* _PROBLEM TO WORK ON_: Skip all lines in the entries below that come before the one containing "mdeps l d H r ws p == (t%:R : rat).". Repeat that line and the rest exactly.

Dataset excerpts
★ ★ ★ ★
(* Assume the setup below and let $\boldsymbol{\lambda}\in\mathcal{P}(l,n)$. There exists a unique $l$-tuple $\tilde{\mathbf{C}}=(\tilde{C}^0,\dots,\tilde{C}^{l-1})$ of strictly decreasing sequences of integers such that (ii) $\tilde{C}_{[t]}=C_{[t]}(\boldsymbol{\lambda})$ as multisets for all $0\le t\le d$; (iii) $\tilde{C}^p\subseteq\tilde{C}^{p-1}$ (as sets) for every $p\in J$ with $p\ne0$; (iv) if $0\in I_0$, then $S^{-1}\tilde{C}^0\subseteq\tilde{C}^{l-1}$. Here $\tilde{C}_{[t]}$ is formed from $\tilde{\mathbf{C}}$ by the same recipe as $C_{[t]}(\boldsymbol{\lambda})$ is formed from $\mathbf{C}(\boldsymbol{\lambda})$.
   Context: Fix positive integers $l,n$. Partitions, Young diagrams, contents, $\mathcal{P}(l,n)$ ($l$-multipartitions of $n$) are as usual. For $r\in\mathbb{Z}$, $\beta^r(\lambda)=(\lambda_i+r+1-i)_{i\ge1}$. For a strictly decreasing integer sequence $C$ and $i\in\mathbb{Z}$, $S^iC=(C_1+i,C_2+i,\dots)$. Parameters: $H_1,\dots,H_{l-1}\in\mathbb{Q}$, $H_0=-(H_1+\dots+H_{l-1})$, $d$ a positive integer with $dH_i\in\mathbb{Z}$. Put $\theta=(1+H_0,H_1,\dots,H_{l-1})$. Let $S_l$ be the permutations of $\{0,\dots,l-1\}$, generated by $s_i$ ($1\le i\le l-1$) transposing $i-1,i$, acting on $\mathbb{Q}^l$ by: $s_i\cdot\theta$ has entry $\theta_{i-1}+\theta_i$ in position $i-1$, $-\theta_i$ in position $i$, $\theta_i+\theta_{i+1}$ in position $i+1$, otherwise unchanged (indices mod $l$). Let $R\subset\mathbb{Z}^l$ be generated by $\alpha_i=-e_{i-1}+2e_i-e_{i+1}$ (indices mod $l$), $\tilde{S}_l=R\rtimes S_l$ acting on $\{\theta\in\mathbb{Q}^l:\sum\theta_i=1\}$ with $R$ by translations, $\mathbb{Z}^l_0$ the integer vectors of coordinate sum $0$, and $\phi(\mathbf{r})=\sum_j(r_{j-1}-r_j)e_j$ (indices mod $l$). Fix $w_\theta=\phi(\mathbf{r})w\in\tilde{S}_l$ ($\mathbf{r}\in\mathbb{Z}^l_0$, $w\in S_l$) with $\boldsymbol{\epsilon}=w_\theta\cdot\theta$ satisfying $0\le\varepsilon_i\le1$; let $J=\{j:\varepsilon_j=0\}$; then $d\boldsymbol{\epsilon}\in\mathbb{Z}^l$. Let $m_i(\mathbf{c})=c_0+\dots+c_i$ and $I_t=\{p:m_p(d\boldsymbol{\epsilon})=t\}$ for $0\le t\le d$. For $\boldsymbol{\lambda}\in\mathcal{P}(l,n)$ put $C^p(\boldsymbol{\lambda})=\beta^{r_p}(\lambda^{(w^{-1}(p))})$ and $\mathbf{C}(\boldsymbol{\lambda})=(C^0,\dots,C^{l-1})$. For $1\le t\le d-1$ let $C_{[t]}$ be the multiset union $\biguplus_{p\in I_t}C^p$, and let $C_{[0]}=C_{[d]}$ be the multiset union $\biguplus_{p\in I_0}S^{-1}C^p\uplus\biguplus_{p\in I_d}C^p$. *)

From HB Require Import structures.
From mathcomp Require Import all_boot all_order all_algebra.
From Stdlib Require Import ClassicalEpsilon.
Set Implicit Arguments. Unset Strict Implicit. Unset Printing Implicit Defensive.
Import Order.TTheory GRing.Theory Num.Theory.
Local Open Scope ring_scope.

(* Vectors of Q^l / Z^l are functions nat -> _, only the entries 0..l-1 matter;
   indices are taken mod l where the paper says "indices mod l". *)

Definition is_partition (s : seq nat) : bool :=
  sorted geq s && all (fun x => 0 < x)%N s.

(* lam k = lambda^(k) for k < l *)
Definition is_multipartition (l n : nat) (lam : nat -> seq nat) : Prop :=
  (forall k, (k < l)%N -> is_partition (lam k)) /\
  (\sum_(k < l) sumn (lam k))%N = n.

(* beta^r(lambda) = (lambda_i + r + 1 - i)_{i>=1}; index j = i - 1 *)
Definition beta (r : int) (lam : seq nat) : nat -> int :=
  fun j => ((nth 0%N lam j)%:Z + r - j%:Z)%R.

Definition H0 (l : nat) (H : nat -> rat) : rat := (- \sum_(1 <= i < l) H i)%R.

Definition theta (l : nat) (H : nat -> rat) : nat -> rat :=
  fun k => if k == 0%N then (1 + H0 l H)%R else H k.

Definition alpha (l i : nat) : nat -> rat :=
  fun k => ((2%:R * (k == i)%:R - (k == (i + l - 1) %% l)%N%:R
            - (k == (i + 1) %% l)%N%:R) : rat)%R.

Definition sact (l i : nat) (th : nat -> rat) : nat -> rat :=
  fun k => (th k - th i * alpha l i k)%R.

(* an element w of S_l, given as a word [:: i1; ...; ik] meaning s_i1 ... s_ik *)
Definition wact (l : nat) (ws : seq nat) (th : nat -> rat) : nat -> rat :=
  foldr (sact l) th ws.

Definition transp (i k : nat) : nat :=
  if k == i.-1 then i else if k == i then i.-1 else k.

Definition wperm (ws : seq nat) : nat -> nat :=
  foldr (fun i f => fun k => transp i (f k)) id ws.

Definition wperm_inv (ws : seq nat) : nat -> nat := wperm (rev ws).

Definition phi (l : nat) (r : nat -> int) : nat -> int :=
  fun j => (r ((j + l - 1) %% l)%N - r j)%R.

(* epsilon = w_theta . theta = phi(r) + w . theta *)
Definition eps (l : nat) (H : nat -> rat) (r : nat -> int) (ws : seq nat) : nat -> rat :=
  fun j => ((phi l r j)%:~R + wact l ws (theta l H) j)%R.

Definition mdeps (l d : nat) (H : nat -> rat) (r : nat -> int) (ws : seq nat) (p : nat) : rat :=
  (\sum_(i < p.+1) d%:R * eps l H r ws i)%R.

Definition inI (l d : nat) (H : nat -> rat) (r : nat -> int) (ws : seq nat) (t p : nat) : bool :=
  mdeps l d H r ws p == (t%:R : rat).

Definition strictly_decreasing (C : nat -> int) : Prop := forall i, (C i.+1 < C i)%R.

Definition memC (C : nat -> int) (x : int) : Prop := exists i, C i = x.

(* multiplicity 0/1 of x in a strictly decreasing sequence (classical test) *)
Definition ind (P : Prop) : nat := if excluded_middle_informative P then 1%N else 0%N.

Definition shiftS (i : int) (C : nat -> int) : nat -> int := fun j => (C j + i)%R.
★ ★ ★ ★
* _REPLY_:
  mdeps l d H r ws p == (t%:R : rat).

Definition strictly_decreasing (C : nat -> int) : Prop := forall i, (C i.+1 < C i)%R.

Definition memC (C : nat -> int) (x : int) : Prop := exists i, C i = x.

(* multiplicity 0/1 of x in a strictly decreasing sequence (classical test) *)
Definition ind (P : Prop) : nat := if excluded_middle_informative P then 1%N else 0%N.

Definition shiftS (i : int) (C : nat -> int) : nat -> int := fun j => (C j + i)%R.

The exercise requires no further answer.